Well the first days are the hardest days
Don't you worry and more
Cuz when life looks like easy street
There is danger at your door.
Come hear Uncle John's Band
Playing to the time
Come with me or go alone.
He's come to take his children home.
The Grateful Dead will be truckin' into Freeborn Hall next Thursday night at 8 p.m. The Dead have long been favorites around the Bay Area, but within the past year have become one of the most popular groups nationally, selling out everyplace they appear. Once the high energy promoters of the psychedelic revolution, the Dead have shifted away from their acid-blitzed hypnotic-electric music to a down-home folksy style. Their new sound was previewed last spring with the release of "Workingman's Dead" which became one of last year's best selling albums and easily one of last year's finest musical efforts. The Dead showed they had mellowed even more when their latest album "American Beauty" was released a couple of months ago.
Seeing the Grateful Dead is a unique experience and should not be passed up. Playing with the Dead will be their sub-group, the New Riders of the Purple Sage, who have a very Nashville type sound. Tickets are on sale now at the MU Box Office at the price of $2.50 if you are a student.
I don't know but I've been told
If the horse don't pull you got to carry the load
I don't know who's back's that strong
Maybe find out before too long.
One way or another, one way or another
This darkness has got to go.
(from the California Aggie, 15 January 1971)
GRATEFUL DEAD THURSDAY
The Grateful Dead concert tomorrow night is one of those concerts that people have been preparing for for at least a week and will probably take another week to recuperate from after it's all over. I guess you just have to say that the Dead in Freeborn is a heavy thing for Davis. The concert should result in a few more Dead freaks to add to the long list of those who already think that the Dead are the best group around. And even a light show, a finger in every pie in every eye.

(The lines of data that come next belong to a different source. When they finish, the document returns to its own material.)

Lemma geval_winv w : geval A D G (winv w) = (geval A D G w)^-1.
Proof.
elim: w => [|l w IHw]; first by rewrite invg1.
rewrite /winv /= rev_cons -cats1 geval_cat -/(winv w) IHw /= mulg1 invMg.
by case: l => [[]|[]|i j []] /=; rewrite ?invgK.
Qed.

Lemma geval_wsubst u :
  geval A D G (wsubst half u) = ueval A (D * D) (fun j => geval A D G (Xword half j)) u.
Proof.
elim: u => [|l u IHu] //=; rewrite geval_cat IHu; congr (_ * _).
by case: l => [|||j []] /=; rewrite ?geval_winv ?mulg1 ?invMg.
Qed.

Lemma geval_Xword j : geval A D G (Xword half j) =
  G ord0 j * \prod_(i <- iota 1 half) (G (inord i) j * D * (G (inord i) j)^-1).
Proof.
rewrite /Xword /=; congr (_ * _); elim: (iota 1 half) => [|i L IHL]; first by rewrite big_nil.
by rewrite big_cons /= IHL !mulgA.
Qed.

End WordEvaluation.

Lemma eq_ueval (gT : finGroupType) k (s t : gT) (h h' : 'I_k -> gT) w :
  (forall j, h j = h' j) -> ueval s t h w = ueval s t h' w.
Proof.
move=> hh'; elim: w => [|l w IHw] //=; rewrite IHw.
by case: l => [|||j []] /=; rewrite ?hh'.
Qed.

Definition dih_letter k (s t : bool * int) (h : 'I_k -> bool * int) (l : ulet k) :=
  match l with
  | US => s | UT => t | UTi => dih_inv t
  | UX j e => if e then dih_inv (h j) else h j
  end.

Definition dih_eval k s t h (w : seq (ulet k)) : bool * int :=
  foldr (fun l x => dih_mul (@dih_letter k s t h l) x) (false, 0%R) w.

Lemma ueval_aff m k s t (h : 'I_k -> bool * int) w :
  ueval (aff m s) (aff m t) (fun j => aff m (h j)) w = aff m (dih_eval s t h w).
Proof.
elim: w => [|l w IHw] /=; first by rewrite aff1.
by rewrite IHw -affM; case: l => [|||j []] /=; rewrite ?affV.
Qed.

(* The endomorphism of the infinite dihedral group fixing the orientation and sending the unit
   rotation to the rotation by mu and the reflection z |-> -z to the reflection z |-> q - z. *)
Definition dih_scale (mu q : int) (x : bool * int) : bool * int :=
  (x.1, mu * x.2 + refl_shift x.1 q)%R.

Lemma dih_eval_scale mu q k s t (h : 'I_k -> bool * int) w :
  dih_eval (dih_scale mu q s) (dih_scale mu q t) (fun j => dih_scale mu q (h j)) w =
  dih_scale mu q (dih_eval s t h w).
Proof.
have scaleM x y : dih_mul (dih_scale mu q x) (dih_scale mu q y) = dih_scale mu q (dih_mul x y).
  by case: x y => [[] a] [[] b]; congr pair; rewrite /=; ring.
have scaleV x : dih_inv (dih_scale mu q x) = dih_scale mu q (dih_inv x).
  by case: x => [[] a]; congr pair; rewrite /=; ring.
elim: w => [|l w IHw] /=; first by rewrite /dih_scale /= mulr0 addr0.
by rewrite IHw -scaleM; case: l => [|||j []]; rewrite /= ?scaleV.
Qed.

Lemma aff_scale_eq1 n H m q x : n = H.*2 -> (2 < H)%N -> coprimez m H ->
  (aff n (dih_scale (m *+ 2) q x) == 1) = (aff H x == 1).
Proof.
move=> nH H_gt2 coMH; have n_gt2 : (2 < n)%N by rewrite nH -addnn ltn_addl.
rewrite !aff_eq1 //; case: x => [[] a] //=; rewrite addr0 nH -muln2 PoszM.
have -> : (m *+ 2 * a = m * a * 2%:Z)%R by ring.
by rewrite dvdz_mul2r // Gauss_dvdzr // coprimez_sym.
Qed.

Lemma ueval_scale_eq1 n H m q k (h : 'I_k -> bool * int) u : n = H.*2 -> (2 < H)%N ->
  coprimez m H ->
  (ueval (aff n (true, q)) (aff n (false, m *+ 2)) (fun j => aff n (dih_scale (m *+ 2) q (h j))) u
    == 1) = (ueval (reflZ H) (rotZ H) (fun j => aff H (h j)) u == 1).
Proof.
move=> nH H_gt2 coMH.
have -> : aff n (true, q) = aff n (dih_scale (m *+ 2) q (true, 0%R)).
  by rewrite /dih_scale mulr0 add0r.
have -> : aff n (false, m *+ 2) = aff n (dih_scale (m *+ 2) q (false, 1%R)).
  by rewrite /dih_scale mulr1 addr0.
by rewrite ueval_aff dih_eval_scale (aff_scale_eq1 _ _ nH) // reflZE rotZE ueval_aff.
Qed.

Lemma aff_scale_image n H m q x : n = H.*2 -> (2 < H)%N -> coprimez m H ->
  (2 %| x.2 - refl_shift x.1 q)%Z -> exists r, aff n x = aff n (dih_scale (m *+ 2) q (x.1, r)).
Proof.
move=> nH H_gt2 /coprimezP [[u v] /= uv] /dvdzP [j xj].
have n_gt2 : (2 < n)%N by rewrite nH -addnn ltn_addl.
exists (u * j)%R; apply/eqP; rewrite aff_eqE // eqxx nH -muln2 PoszM /=.
apply/dvdzP; exists (j * v)%R.
have -> : x.2 = (j * 2 + refl_shift x.1 q)%R by rewrite -xj subrK.
transitivity (j * 2 * (1 - u * m))%R; first ring.
by rewrite -[in 1 - _]uv; ring.
Qed.

Lemma signed_count_eq_double (H : nat) (a : int) : (0 < H)%N -> ~~ odd H ->
  exists2 P : nat, (P <= H)%N & (H.*2 %| (P%:Z - (H - P)%:Z - a *+ 2)%R)%Z.
Proof.
move=> H_gt0 H_even; set r := (a + (H./2)%:Z)%R.
have r_ge0 : (0 <= r %% H)%Z by rewrite modz_ge0 // eqz_nat -lt0n.
have PH : (`|(r %% H)%Z| <= H)%N by rewrite -lez_nat gez0_abs // ltW // ltz_pmod.
exists `|(r %% H)%Z|%N => //; rewrite -subzn // gez0_abs //.
apply/dvdzP; exists (- (r %/ H)%Z)%R.
have -> : (r %% H)%Z = (r - (r %/ H)%Z * H)%R by rewrite {2}(divz_eq r H) addrC addKr.
have halfH : (H%:Z = (H./2)%:Z * 2)%R by rewrite -PoszM muln2 even_halfK.
rewrite /r -muln2 PoszM; move: ((a + _) %/ H)%Z => Q.
by rewrite halfH; ring.
Qed.

Lemma geval_Xword_threshold n H k (A : {perm 'Z_n}) (G : 'I_H.+1 -> 'I_k -> {perm 'Z_n})
    j e (P : nat) : (P <= H)%N -> G ord0 j = aff n (e, 0%R) ->
  (forall i : 'I_H.+1, (0 < i)%N -> G i j = aff n ((P < i)%N, 0%R)) ->
  geval A (rotZ n) G (Xword H j) = aff n (e, P%:Z - (H - P)%:Z)%R.
Proof.
move=> PH G0 Gi; rewrite geval_Xword G0.
rewrite (eq_big_seq (fun i => aff n (false, if (P < i)%N then -1 else 1)%R)); last first.
  move=> i; rewrite mem_iota add1n ltnS => /andP[i_gt0 iH].
  by rewrite Gi inordK ?ltnS // rotZE conj_rot.
rewrite prod_rot affM /dih_mul /= addbF add0r; congr (aff _ (_, _)).
have -> : iota 1 H = index_iota 1 H.+1 by rewrite /index_iota subn1.
rewrite (big_cat_nat _ (n := P.+1)) //=.
rewrite (eq_big_nat _ _ (F2 := fun=> 1%R)); last first.
  by move=> i /andP[_]; rewrite ltnS leqNgt => /negbTE ->.
rewrite [X in _ + X](eq_big_nat _ _ (F2 := fun=> (-1)%R)); last by move=> i /andP[-> _].
by rewrite !sumr_const_nat !subSS subn0 mulNrn !natz.
Qed.

Section DoubleDihedral.
Variables (n b c : nat).
Hypotheses (nE : n = (2 ^ b * c)%N) (c_gt1 : (1 < c)%N) (b_gt1 : (1 < b)%N).

Local Notation H := n./2.

Lemma halfE : H = (2 ^ b.-1 * c)%N.
Proof.
by rewrite nE; move: b_gt1; case: b => [|b'] // _; rewrite expnS -mulnA mul2n doubleK.
Qed.

Lemma n_double : n = H.*2.
Proof. by rewrite halfE -mul2n mulnA -expnS prednK // ltnW. Qed.

Lemma half_gt2 : (2 < H)%N.
Proof.
rewrite halfE; move: b_gt1; case: b => [|[|b']] // _ /=.
by rewrite expnS -mulnA; have := expn_gt0 2 b'; nia.
Qed.

Lemma n_gt2 : (2 < n)%N.
Proof. by rewrite n_double -addnn ltn_addl // half_gt2. Qed.

Lemma half_even : ~~ odd H.
Proof. by rewrite halfE; move: b_gt1; case: b => [|[|b']] // _; rewrite expnS -mulnA oddM. Qed.

Lemma c_dvd_half : (c %| H)%N.
Proof. by rewrite halfE dvdn_mull. Qed.

Lemma aff0_relators e e' :
  [/\ comm (aff n (e, 0%R)) (aff n (e', 0%R)) = 1, comm (aff n (e, 0%R)) (reflZ n) = 1,
      aff n (e, 0%R) ^+ 2 = 1 & itcomm (rotZ n ^+ c) (aff n (e, 0%R)) b = 1].
Proof.
rewrite reflZE; split; try exact/comm_eq1/aff0_commute.
  by case: e; rewrite ?refl_sq ?aff1 ?expg1n.
case: e; last by rewrite aff1; move: b_gt1; case: b => [|b'] // _; apply: itcomm1.
rewrite rotZE aff_rotX itcomm_rot_refl mul1r; apply/eqP; rewrite aff_eq1 ?n_gt2 //= nE.
by rewrite mulnC PoszM.
Qed.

The Entertainment Board is providing the act, Jerry Garcia, Phil Lesh, Bob Weir, Rod McKermen (Pig Pen), Mickey Hart and Bill Kreutzman will provide the fine music, the crowd will provide the rest of the good vibes, and you gotta provide your own high time. Tickets cost $2.50 at the MU Box.
There are only 140 tickets left for Grateful Dead as of 3pm Tuesday. Also John Sebastian-Poco tickets will go on sale this Friday, for the February 6th concert. $3 for students.
(from the California Aggie, January 20, 1971)
DEAD, RIDERS, BROTHERS...
Last Thursday night Freeborn came alive to the music of the Grateful Dead.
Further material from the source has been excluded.